Abstract
What is already known about this subject
CYP2D6 mediates, to some extent, the synthesis of the neurotransmitters, serotonin and dopamine in the brain. A positive relationship between CYP2D6 activity and personality has been suggested, while other studies have failed to find a relationship.
Therefore, because of these inconsistent findings, the association between CYP2D6 polymorphism and interindividual variability in personality has not yet been resolved.
What this study adds
The detailed genotypes for CYP2D6 were identified using DNA tip in a large number of Japanese subjects. However there were no correlations between scores of personality and CYP2D6 genotypes.
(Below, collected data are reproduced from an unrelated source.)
(* Let $\mathcal A\subset\mathcal H$ be a left coideal subalgebra satisfying the biannihilator condition and let $\mu\in\mathcal A'$ be a non-zero multiplicative functional. Then: (1) if $\tilde\Lambda\in L^{\mathcal A}_\mu$ is non-zero and non-degenerate (i.e. $\mathcal V_{\tilde\Lambda}=\mathcal A$) and $\mu(\tilde\Lambda)\neq0$, then $L^{\mathcal A}_\mu=R^{\mathcal A}_\mu=k\tilde\Lambda$; (2) if $L^{\mathcal A}_\mu=k\hat\Lambda$ for some $0\neq\hat\Lambda\in L^{\mathcal A}_\mu$, then $\hat\Lambda$ is non-degenerate, i.e. $\mathcal V_{\hat\Lambda}=\mathcal A$. In particular, if $\mathcal A$ is a Frobenius algebra, then every non-zero element of $L^{\mathcal A}_\mu$ is non-degenerate.
   Context: $k$ is a field; $\mathcal H$ is a Hopf algebra over $k$ with comultiplication $\Delta$, counit $\varepsilon$, invertible antipode $S$, dual $\mathcal H'$. A left coideal subalgebra is a subalgebra $\mathcal A\ni1$ with $\Delta(\mathcal A)\subset\mathcal H\otimes\mathcal A$. For $\Lambda\in\mathcal H$, $\mathcal V_\Lambda=\{(\nu\otimes\mathrm{id})\Delta(\Lambda):\nu\in\mathcal H'\}$. For a multiplicative functional $\mu$ (linear, $\mu(ab)=\mu(a)\mu(b)$): $L^{\mathcal A}_\mu=\{\Lambda\in\mathcal A: a\Lambda=\mu(a)\Lambda\ \forall a\}$, $R^{\mathcal A}_\mu=\{\Lambda\in\mathcal A:\Lambda a=\mu(a)\Lambda\ \forall a\}$. For a left ideal $I\subset\mathcal A$, $r(I)=\{a\in\mathcal A: ba=0\ \forall b\in I\}$; for a right ideal $I'$, $l(I')=\{a\in\mathcal A: ab=0\ \forall b\in I'\}$. $\mathcal A$ satisfies the biannihilator condition if $l(r(I))=I$ for every left ideal $I$ and $r(l(I'))=I'$ for every right ideal $I'$. A finite-dimensional unital algebra is Frobenius if it admits a non-degenerate bilinear form $\sigma$ with $\sigma(ab,c)=\sigma(a,bc)$. *)

(* Elements of H (x) H (resp. H (x) H (x) H) are encoded
   as finite formal sums seq (H * H) (resp. seq (H * H * H)); two formal sums
   denote the same tensor iff every bilinear (resp. trilinear) form k-valued
   takes the same value on them (over a field, tensors are separated by
   the dual of the tensor product). *)
From HB Require Import structures.
From mathcomp Require Import all_boot all_order all_algebra.
Set Implicit Arguments. Unset Strict Implicit. Unset Printing Implicit Defensive.
Import GRing.Theory.
Local Open Scope ring_scope.

Section HopfDefs.
Variables (k : fieldType) (H : algType k).

Definition lin (f : H -> k) : Prop :=
  forall (c : k) (x y : H), f (c *: x + y) = c * f x + f y.

Definition bilin (f : H -> H -> k) : Prop :=
  (forall a, lin (f a)) /\ (forall b, lin (fun a => f a b)).

Definition trilin (f : H -> H -> H -> k) : Prop :=
  (forall a b, lin (f a b)) /\ (forall a c, lin (fun b => f a b c))
  /\ (forall b c, lin (fun a => f a b c)).

Definition teq2 (s t : seq (H * H)) : Prop :=
  forall f, bilin f ->
    \sum_(p <- s) f p.1 p.2 = \sum_(p <- t) f p.1 p.2.

Definition teq3 (s t : seq (H * H * H)) : Prop :=
  forall f, trilin f ->
    \sum_(p <- s) f p.1.1 p.1.2 p.2 = \sum_(p <- t) f p.1.1 p.1.2 p.2.

Definition tscale (c : k) (s : seq (H * H)) : seq (H * H) :=
  [seq (c *: p.1, p.2) | p <- s].

Definition tmul (s t : seq (H * H)) : seq (H * H) :=
  [seq (p.1 * q.1, p.2 * q.2) | p <- s, q <- t].

Definition DxI (D : H -> seq (H * H)) (s : seq (H * H)) : seq (H * H * H) :=
  [seq (q.1, q.2, p.2) | p <- s, q <- D p.1].
Definition IxD (D : H -> seq (H * H)) (s : seq (H * H)) : seq (H * H * H) :=
  [seq (p.1, q.1, q.2) | p <- s, q <- D p.2].

Definition is_hopf (D : H -> seq (H * H)) (e : H -> k) (S : H -> H) : Prop :=
  [/\ (forall c x y, teq2 (D (c *: x + y)) (tscale c (D x) ++ D y)),
      teq2 (D 1) [:: (1, 1)],
      (forall x y, teq2 (D (x * y)) (tmul (D x) (D y))),
      (forall x, teq3 (DxI D (D x)) (IxD D (D x))) &
   [/\ lin e, e 1 = 1, (forall x y, e (x * y) = e x * e y),
      (forall x, \sum_(p <- D x) e p.1 *: p.2 = x) &
      (forall x, \sum_(p <- D x) e p.2 *: p.1 = x)]] /\
  [/\ (forall c x y, S (c *: x + y) = c *: S x + S y),
      (forall x, \sum_(p <- D x) S p.1 * p.2 = (e x)%:A),
      (forall x, \sum_(p <- D x) p.1 * S p.2 = (e x)%:A) &
      bijective S].

Definition subalg (A : H -> Prop) : Prop :=
  [/\ A 1, (forall x y, A x -> A y -> A (x + y)),
      (forall (c : k) x, A x -> A (c *: x)) &
      (forall x y, A x -> A y -> A (x * y))].

Definition left_coideal_subalg (D : H -> seq (H * H)) (A : H -> Prop) : Prop :=
  subalg A /\
  (forall a, A a -> exists s : seq (H * H),
      teq2 (D a) s /\ (forall p, p \in s -> A p.2)).

Definition slice (nu : H -> k) (s : seq (H * H)) : H :=
  \sum_(p <- s) nu p.1 *: p.2.

Definition VLam (D : H -> seq (H * H)) (Lam : H) : H -> Prop :=
  fun x => exists nu, lin nu /\ x = slice nu (D Lam).

Definition nondeg (D : H -> seq (H * H)) (A : H -> Prop) (Lam : H) : Prop :=
  forall x, VLam D Lam x <-> A x.

(* mu in A' multiplicative (mu is given on H but only its values on A matter) *)
Definition mult_fun (A : H -> Prop) (mu : H -> k) : Prop :=
  (forall c x y, A x -> A y -> mu (c *: x + y) = c * mu x + mu y) /\
  (forall x y, A x -> A y -> mu (x * y) = mu x * mu y).

Definition Lmu (A : H -> Prop) (mu : H -> k) : H -> Prop :=
  fun L => A L /\ forall a, A a -> a * L = mu a *: L.
Definition Rmu (A : H -> Prop) (mu : H -> k) : H -> Prop :=
  fun L => A L /\ forall a, A a -> L * a = mu a *: L.

Definition left_ideal (A I : H -> Prop) : Prop :=
  [/\ (forall x, I x -> A x), I 0, (forall x y, I x -> I y -> I (x - y)) &
      (forall a x, A a -> I x -> I (a * x))].
Definition right_ideal (A I : H -> Prop) : Prop :=
  [/\ (forall x, I x -> A x), I 0, (forall x y, I x -> I y -> I (x - y)) &
      (forall a x, A a -> I x -> I (x * a))].

Definition rann (A I : H -> Prop) : H -> Prop :=
  fun a => A a /\ forall b, I b -> b * a = 0.
Definition lann (A I : H -> Prop) : H -> Prop :=
  fun a => A a /\ forall b, I b -> a * b = 0.

Definition biannihilator (A : H -> Prop) : Prop :=
  (forall I, left_ideal A I -> forall x, lann A (rann A I) x <-> I x) /\
  (forall I, right_ideal A I -> forall x, rann A (lann A I) x <-> I x).

Definition frobenius (A : H -> Prop) : Prop :=
  (exists s : seq H, (forall x, x \in s -> A x) /\
     forall a, A a -> exists cs : seq k,
       a = \sum_(i < size s) cs`_i *: s`_i) /\
  exists sigma : H -> H -> k,
    [/\ (forall a, A a -> forall c x y, A x -> A y ->
           sigma a (c *: x + y) = c * sigma a x + sigma a y),
        (forall b, A b -> forall c x y, A x -> A y ->
           sigma (c *: x + y) b = c * sigma x b + sigma y b),
        (forall a b c, A a -> A b -> A c -> sigma (a * b) c = sigma a (b * c)),
        (forall a, A a -> (forall c, A c -> sigma a c = 0) -> a = 0) &
        (forall c, A c -> (forall a, A a -> sigma a c = 0) -> c = 0)].

End HopfDefs.

(* Part (1) is pure algebra in A: if Lt is a left mu-eigenvector with
   mu Lt <> 0, then a left eigenvector z with mu z = 0 would give
   Lt in r(l(zA)) = zA, hence mu Lt = 0; so L_mu = k Lt, and the same
   argument applied to Lt a shows Lt, hence all of k Lt = R_mu, is also a
   right eigenvector.

   Parts (2) and (3) follow from a stronger fact: under the biannihilator
   condition EVERY non-zero L in L_mu is non-degenerate.  Indeed
   V_L = {(nu (x) id)Delta(L)} is a left ideal of A (using Delta(A) in
   H (x) A and a L = mu(a) L), and its right annihilator is 0: if V_L x = 0
   then L_(1) (x) L_(2) x = 0, and applying u (x) w |-> u_(1) (x) S(u_(2)) w
   gives L (x) x = 0.  Hence V_L = l(r(V_L)) = l(0) = A. *)

From HB Require Import structures.
From mathcomp Require Import all_boot all_order all_algebra.
From mathcomp Require Import boolp classical_sets.
Set Implicit Arguments. Unset Strict Implicit. Unset Printing Implicit Defensive.
Import GRing.Theory.
Local Open Scope ring_scope.

Section LinearFunctionals.
Variables (k : fieldType) (H : algType k).
Implicit Types (f : H -> k) (x y : H).

Lemma lin0 f : lin f -> f 0 = 0.
Proof.
move=> hf; have := hf 1 0 0; rewrite scale1r addr0 mul1r => e.
by apply: (@addrI _ (f 0)); rewrite addr0 -e.
Qed.

Lemma linD f x y : lin f -> f (x + y) = f x + f y.
Proof. by move=> hf; rewrite -[x in LHS]scale1r hf mul1r. Qed.

Lemma linZ f c x : lin f -> f (c *: x) = c * f x.
Proof. by move=> hf; rewrite -[c *: x]addr0 hf lin0 // addr0. Qed.

Lemma linN f x : lin f -> f (- x) = - f x.
Proof. by move=> hf; rewrite -scaleN1r linZ // mulN1r. Qed.

Lemma linB f x y : lin f -> f (x - y) = f x - f y.
Proof. by move=> hf; rewrite linD // linN. Qed.

Lemma lin_sum f I (r : seq I) (F : I -> H) : lin f ->
  f (\sum_(i <- r) F i) = \sum_(i <- r) f (F i).
Proof.
move=> hf; elim: r => [|i r IH]; first by rewrite !big_nil lin0.
by rewrite !big_cons linD // IH.
Qed.

Definition lin_map (g : H -> H) : Prop :=
  forall (c : k) x y, g (c *: x + y) = c *: g x + g y.

Lemma lin_comp f g : lin f -> lin_map g -> lin (fun x => f (g x)).
Proof. by move=> hf hg c x y; rewrite hg hf. Qed.

Lemma lin_map_mulr y : lin_map (fun x => x * y).
Proof. by move=> c x z; rewrite mulrDl scalerAl. Qed.

Lemma lin_map_mull y : lin_map (fun x => y * x).
Proof. by move=> c x z; rewrite mulrDr scalerAr. Qed.

Lemma lin_map_comp g1 g2 :
  lin_map g1 -> lin_map g2 -> lin_map (fun x => g1 (g2 x)).
Proof. by move=> h1 h2 c x y; rewrite h2 h1. Qed.

Lemma lin_zero : lin (fun _ : H => 0 : k).
Proof. by move=> c x y; rewrite mulr0 addr0. Qed.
This study demonstrated that there was no significant association between CYP2D6 activity and personality trait in the Japanese population.
Aims
The polymorphic enzyme CYP2D6 is expressed not only in liver but also in brain at low concentrations. CYP2D6 mediates, to some extent, the synthesis of the neurotransmitters, serotonin and dopamine. We investigated a possible association between the genetic polymorphism of CYP2D6 and individual personality trait.
Methods
Mentally and physically healthy volunteers were recruited (n = 342). Temperament and Character Inventory (TCI) and CYP2D6 genotyping were performed in all subjects. We detected mutated alleles which were identified using the Amplichip CYP450 DNA chip.
Results
The number of phenotypes, assumed by genotype for ultrarapid metabolizers (UM), extensive metabolizers (EM), intermediate metabolizers (IM) and poor metabolizers (PM) were 4 (1.1%), 262 (76.6%), 75 (21.9%) and 1 (0.3%), respectively. There were no differences in scores for novelty seeking, harm avoidance, reward dependence or persistence among the CYP2D6 phenotypes. The number of mutated alleles for CYP2D6 did not differ for scores of novelty seeking, harm avoidance, reward dependence or persistence. In subitem analyses, only RD3 (attachment) had a significant difference both in the CYP2D6 phenotype (P< 0.05) and genotype (P< 0.05).
Conclusions
This study did not demonstrate a significant association between CYP2D6 activity and personality trait because of the small interindividual variability in CYP2D6 activity within the Japanese population.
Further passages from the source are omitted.